Dataset items:
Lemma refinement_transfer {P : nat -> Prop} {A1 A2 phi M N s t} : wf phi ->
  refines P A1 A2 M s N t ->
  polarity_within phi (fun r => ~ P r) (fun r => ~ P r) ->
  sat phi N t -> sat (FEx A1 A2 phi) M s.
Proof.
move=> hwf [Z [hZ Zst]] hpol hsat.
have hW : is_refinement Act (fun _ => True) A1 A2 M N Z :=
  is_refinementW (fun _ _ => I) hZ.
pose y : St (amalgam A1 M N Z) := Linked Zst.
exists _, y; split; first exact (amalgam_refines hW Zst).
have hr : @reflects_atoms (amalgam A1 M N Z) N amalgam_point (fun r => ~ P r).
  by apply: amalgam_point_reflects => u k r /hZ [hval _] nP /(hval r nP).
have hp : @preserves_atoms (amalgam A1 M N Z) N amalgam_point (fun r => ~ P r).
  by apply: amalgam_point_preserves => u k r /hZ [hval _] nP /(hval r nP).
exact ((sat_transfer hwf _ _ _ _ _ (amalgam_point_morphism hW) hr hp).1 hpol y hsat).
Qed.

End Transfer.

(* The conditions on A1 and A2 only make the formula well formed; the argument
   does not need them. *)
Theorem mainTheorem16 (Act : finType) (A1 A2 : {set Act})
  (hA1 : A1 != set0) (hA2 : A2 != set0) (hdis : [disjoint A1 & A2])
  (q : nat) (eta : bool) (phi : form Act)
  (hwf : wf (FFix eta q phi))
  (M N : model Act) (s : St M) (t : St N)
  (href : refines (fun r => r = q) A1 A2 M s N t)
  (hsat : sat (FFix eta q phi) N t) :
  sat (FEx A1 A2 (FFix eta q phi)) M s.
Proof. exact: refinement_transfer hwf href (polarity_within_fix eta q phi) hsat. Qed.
--
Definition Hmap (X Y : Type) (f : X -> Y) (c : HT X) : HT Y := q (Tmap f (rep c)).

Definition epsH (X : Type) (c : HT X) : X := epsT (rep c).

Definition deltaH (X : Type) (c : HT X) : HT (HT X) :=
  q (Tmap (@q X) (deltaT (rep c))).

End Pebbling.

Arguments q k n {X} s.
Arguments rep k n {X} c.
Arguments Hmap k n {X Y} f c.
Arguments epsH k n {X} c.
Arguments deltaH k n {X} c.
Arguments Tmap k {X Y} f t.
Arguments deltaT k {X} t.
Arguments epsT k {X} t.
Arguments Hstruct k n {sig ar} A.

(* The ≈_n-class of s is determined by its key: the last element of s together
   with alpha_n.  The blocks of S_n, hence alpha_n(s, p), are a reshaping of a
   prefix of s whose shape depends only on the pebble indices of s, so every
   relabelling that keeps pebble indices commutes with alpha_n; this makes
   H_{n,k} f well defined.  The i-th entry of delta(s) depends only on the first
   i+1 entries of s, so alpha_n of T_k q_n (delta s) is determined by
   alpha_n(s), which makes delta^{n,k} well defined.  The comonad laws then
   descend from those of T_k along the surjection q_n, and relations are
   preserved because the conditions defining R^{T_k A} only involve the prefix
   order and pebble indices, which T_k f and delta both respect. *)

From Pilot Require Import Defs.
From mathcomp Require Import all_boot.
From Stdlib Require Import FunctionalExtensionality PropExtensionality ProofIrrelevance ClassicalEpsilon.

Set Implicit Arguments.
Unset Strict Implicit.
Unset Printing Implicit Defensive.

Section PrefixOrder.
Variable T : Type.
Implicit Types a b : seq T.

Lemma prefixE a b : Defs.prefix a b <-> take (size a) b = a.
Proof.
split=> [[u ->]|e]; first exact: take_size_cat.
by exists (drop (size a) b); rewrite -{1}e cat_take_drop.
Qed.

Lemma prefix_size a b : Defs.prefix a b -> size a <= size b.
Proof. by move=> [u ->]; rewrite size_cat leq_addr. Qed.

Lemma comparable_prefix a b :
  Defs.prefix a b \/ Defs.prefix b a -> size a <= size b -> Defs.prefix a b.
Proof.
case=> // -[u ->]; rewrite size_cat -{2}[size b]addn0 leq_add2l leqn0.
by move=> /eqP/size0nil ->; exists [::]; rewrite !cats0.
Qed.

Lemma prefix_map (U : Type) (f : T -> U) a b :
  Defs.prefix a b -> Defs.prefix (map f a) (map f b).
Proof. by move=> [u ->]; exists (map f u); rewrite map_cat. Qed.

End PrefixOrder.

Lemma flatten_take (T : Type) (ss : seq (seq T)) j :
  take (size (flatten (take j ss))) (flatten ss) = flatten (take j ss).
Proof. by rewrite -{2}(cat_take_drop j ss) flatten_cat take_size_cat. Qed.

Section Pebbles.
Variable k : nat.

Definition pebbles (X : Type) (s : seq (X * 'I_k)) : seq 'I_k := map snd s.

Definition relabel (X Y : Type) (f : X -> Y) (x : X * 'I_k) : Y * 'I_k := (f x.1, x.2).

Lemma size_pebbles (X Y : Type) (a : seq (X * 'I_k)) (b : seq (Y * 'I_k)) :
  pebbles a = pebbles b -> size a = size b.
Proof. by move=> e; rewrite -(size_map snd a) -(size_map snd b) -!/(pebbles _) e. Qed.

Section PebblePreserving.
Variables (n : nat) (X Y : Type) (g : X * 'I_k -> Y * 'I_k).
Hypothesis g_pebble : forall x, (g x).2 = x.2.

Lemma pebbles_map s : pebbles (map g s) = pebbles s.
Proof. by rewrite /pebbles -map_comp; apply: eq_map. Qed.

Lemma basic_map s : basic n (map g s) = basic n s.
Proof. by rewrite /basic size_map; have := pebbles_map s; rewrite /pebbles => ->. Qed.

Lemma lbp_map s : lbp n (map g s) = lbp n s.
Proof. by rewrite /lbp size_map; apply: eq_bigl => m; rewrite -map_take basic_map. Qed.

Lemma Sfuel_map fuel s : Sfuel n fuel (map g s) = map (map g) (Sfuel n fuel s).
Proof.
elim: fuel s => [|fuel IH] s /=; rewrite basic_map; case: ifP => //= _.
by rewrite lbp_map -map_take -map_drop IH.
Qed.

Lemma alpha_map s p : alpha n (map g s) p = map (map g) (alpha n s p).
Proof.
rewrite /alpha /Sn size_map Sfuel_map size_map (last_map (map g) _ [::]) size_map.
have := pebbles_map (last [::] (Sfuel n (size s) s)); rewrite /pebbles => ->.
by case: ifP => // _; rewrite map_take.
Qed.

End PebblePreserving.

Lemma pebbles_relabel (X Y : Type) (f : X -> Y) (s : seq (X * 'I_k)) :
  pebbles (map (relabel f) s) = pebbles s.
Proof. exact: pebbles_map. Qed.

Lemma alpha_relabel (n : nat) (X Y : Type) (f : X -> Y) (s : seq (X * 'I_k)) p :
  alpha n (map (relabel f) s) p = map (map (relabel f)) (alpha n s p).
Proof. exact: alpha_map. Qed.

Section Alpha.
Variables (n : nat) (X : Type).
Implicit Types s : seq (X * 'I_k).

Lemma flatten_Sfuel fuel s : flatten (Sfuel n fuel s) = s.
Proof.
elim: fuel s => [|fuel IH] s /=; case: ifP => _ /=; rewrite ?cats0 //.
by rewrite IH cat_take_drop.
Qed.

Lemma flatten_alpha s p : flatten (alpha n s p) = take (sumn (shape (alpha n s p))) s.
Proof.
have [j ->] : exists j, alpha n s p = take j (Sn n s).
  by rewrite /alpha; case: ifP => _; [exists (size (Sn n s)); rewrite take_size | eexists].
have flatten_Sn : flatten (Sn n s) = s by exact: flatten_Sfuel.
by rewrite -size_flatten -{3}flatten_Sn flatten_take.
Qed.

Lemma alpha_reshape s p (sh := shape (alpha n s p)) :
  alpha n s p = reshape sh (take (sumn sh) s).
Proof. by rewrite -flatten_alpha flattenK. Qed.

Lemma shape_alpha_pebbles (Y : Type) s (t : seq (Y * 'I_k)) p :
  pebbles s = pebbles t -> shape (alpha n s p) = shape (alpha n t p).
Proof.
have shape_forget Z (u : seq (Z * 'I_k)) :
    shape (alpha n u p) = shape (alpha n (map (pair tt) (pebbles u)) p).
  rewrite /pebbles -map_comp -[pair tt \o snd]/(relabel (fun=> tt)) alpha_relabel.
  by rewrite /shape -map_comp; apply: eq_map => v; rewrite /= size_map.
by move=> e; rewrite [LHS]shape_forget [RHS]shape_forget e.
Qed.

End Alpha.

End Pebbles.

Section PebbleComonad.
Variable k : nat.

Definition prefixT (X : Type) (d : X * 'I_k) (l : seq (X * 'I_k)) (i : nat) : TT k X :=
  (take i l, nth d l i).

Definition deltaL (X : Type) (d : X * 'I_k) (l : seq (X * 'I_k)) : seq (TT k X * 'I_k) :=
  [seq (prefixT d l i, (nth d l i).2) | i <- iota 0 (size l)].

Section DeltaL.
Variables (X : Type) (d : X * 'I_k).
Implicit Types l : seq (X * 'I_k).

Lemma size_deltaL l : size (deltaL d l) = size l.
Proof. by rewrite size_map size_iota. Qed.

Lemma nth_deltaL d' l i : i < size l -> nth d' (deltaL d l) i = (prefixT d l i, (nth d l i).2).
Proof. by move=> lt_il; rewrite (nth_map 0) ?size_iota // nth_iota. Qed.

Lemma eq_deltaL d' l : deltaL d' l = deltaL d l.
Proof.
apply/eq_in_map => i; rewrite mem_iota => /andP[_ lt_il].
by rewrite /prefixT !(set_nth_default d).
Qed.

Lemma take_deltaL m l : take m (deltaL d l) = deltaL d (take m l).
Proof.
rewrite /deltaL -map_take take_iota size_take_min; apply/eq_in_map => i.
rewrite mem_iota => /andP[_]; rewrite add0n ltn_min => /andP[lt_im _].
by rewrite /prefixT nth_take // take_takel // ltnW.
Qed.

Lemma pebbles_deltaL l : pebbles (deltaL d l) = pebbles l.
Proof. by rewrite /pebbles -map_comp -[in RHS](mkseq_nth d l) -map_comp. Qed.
==
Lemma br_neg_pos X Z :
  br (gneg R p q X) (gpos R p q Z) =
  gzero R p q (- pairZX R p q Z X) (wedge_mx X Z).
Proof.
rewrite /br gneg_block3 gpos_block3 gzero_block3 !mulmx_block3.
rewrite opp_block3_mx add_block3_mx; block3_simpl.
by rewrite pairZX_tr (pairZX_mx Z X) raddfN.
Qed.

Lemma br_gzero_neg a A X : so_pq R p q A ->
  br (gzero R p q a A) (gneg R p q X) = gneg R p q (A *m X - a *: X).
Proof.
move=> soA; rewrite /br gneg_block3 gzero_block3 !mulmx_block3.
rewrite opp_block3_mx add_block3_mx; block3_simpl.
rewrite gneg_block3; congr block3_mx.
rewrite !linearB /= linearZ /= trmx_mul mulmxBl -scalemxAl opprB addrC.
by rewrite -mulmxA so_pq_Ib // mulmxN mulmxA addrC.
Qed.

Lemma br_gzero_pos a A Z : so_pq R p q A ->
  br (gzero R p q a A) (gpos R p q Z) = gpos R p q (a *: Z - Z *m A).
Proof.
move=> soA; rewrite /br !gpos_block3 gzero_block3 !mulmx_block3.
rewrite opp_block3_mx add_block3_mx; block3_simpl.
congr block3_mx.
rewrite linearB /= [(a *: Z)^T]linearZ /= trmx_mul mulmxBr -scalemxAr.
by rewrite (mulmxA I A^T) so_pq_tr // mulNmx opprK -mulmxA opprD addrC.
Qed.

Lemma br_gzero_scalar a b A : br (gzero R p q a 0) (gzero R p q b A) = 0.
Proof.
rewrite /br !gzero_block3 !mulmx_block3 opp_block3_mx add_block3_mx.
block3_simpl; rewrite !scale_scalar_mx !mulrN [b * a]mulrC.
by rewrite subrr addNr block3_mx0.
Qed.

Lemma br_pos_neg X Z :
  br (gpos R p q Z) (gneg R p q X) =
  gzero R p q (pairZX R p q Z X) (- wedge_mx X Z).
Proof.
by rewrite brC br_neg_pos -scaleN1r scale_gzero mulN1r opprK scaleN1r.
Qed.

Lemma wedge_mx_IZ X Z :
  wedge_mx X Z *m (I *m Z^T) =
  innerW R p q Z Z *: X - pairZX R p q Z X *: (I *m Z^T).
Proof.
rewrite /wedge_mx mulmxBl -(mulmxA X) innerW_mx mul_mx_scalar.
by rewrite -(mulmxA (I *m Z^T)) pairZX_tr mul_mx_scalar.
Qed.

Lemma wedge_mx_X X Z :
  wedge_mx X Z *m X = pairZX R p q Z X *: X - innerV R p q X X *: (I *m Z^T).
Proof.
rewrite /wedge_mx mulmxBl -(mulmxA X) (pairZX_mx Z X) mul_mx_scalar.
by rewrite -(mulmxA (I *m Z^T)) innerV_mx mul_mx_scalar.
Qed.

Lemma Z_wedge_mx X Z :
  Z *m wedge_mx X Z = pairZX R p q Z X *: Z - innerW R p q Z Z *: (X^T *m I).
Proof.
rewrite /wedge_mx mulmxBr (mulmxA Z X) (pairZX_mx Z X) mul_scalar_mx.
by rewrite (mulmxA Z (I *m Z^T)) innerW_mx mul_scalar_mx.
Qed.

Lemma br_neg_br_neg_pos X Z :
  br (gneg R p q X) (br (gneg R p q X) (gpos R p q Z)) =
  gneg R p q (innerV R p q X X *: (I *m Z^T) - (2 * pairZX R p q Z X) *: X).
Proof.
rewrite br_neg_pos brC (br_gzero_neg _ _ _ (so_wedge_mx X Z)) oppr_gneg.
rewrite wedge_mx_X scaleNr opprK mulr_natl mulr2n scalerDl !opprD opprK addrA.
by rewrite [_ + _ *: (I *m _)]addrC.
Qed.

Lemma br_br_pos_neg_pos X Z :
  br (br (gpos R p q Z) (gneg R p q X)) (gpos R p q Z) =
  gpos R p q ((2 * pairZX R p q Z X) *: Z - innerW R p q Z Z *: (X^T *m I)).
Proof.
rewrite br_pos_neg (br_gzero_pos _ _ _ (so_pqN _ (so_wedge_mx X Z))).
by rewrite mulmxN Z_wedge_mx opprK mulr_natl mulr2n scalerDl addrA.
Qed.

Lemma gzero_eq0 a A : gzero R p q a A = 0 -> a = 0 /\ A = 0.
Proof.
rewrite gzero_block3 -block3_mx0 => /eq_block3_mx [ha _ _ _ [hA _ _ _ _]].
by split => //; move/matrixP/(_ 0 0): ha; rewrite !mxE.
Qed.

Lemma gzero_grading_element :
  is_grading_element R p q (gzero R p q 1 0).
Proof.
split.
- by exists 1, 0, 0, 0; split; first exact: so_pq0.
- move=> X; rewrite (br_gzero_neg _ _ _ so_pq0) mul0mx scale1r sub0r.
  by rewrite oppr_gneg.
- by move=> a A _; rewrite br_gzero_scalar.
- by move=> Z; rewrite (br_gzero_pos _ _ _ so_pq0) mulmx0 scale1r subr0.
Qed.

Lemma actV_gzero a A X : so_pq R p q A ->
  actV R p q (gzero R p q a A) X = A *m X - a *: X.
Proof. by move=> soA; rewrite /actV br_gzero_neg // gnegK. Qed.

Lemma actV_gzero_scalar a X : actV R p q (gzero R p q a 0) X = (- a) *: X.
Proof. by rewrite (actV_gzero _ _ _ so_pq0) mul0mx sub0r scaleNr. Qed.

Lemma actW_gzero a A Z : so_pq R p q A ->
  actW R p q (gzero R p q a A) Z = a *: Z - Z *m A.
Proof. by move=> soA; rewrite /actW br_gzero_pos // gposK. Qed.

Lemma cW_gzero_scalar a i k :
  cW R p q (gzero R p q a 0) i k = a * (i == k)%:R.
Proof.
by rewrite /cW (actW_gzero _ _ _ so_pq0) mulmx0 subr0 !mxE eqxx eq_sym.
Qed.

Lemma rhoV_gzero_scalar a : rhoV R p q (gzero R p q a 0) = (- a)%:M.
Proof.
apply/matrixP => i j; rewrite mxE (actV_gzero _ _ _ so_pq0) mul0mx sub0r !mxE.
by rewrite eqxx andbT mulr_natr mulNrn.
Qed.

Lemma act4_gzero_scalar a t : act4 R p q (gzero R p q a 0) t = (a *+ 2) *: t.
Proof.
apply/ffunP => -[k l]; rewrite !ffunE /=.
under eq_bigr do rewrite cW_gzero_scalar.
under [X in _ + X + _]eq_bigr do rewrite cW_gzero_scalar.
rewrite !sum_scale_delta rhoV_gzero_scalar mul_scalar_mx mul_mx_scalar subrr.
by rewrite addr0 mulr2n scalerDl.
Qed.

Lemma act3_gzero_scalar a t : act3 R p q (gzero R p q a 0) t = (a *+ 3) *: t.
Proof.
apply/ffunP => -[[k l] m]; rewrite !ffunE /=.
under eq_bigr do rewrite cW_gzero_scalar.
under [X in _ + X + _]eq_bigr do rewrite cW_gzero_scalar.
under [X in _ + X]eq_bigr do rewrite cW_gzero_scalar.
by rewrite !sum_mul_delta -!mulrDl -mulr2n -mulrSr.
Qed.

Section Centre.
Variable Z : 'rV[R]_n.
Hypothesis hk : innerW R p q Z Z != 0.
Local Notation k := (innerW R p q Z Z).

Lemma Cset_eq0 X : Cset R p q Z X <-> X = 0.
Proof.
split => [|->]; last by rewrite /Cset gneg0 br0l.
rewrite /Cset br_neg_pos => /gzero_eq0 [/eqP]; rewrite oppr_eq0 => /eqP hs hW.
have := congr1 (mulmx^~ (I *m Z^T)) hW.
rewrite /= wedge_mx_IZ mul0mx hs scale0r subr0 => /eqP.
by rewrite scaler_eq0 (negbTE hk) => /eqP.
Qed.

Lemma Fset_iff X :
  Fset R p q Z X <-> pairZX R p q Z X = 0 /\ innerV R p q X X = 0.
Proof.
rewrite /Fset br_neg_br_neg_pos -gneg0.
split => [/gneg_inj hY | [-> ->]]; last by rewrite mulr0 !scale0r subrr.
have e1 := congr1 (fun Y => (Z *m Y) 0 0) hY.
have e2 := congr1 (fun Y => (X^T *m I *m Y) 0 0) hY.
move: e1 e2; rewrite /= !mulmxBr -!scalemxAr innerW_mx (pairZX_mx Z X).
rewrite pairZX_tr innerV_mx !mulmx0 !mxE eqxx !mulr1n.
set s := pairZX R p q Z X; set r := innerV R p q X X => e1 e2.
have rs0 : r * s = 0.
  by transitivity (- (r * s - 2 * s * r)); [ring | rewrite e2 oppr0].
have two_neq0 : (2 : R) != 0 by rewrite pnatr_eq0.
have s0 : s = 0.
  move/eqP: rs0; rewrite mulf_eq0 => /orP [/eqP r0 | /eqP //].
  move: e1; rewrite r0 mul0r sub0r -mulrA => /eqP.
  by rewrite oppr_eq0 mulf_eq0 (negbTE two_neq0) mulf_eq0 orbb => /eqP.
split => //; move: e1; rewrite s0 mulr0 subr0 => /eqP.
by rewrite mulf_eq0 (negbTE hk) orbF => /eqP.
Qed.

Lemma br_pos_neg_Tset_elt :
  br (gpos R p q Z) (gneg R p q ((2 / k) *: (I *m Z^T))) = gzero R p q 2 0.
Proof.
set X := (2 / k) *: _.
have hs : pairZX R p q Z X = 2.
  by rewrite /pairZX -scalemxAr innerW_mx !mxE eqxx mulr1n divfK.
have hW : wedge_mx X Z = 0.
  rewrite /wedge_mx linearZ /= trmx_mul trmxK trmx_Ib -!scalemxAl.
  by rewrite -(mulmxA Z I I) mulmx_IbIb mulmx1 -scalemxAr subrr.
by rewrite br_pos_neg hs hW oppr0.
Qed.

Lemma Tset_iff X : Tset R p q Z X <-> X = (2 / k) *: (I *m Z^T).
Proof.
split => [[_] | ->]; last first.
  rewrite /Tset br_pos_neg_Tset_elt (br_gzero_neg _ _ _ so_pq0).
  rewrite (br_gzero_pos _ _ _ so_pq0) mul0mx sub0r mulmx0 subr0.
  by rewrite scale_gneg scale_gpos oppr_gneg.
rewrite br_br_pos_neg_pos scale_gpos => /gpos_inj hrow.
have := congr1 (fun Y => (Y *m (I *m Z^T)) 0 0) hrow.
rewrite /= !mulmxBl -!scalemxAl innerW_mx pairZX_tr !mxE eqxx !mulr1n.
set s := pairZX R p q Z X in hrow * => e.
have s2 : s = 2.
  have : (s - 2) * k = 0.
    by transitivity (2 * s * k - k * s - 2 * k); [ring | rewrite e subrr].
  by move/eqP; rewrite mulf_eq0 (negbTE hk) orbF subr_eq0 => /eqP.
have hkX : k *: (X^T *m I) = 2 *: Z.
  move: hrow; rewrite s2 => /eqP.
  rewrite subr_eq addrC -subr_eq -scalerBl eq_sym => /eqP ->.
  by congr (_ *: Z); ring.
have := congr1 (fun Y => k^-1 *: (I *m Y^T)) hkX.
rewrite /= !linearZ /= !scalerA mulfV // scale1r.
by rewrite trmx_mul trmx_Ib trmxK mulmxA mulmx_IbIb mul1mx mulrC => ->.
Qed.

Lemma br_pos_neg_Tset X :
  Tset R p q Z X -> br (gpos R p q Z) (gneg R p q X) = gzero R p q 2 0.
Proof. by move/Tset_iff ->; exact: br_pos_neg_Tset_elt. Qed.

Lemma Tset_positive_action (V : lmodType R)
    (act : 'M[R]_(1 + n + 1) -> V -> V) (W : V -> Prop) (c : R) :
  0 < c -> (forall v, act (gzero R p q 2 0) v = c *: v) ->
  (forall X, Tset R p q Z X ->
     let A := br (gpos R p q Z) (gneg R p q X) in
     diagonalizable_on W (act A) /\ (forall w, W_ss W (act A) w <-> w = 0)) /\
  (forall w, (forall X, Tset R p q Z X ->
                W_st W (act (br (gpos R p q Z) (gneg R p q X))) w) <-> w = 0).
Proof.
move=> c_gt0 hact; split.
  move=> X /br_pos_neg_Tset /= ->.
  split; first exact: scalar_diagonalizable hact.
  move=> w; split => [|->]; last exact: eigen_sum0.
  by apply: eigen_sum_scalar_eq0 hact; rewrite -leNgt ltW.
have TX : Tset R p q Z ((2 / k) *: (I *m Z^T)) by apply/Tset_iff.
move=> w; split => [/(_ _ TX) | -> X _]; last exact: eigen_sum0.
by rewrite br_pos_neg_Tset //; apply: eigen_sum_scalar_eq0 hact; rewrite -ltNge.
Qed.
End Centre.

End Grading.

• **EXERCISE INSTRUCTIONS**:
Above are the records; copy exactly the lines from the line with "A2 phi M N s" through the line with "move=> hwf [Z [hZ Zst]] hpol hsat.", both included.

• **RESULT OF THIS TASK**:
Lemma refinement_transfer {P : nat -> Prop} {A1 A2 phi M N s t} : wf phi ->
  refines P A1 A2 M s N t ->
  polarity_within phi (fun r => ~ P r) (fun r => ~ P r) ->
  sat phi N t -> sat (FEx A1 A2 phi) M s.
Proof.
move=> hwf [Z [hZ Zst]] hpol hsat.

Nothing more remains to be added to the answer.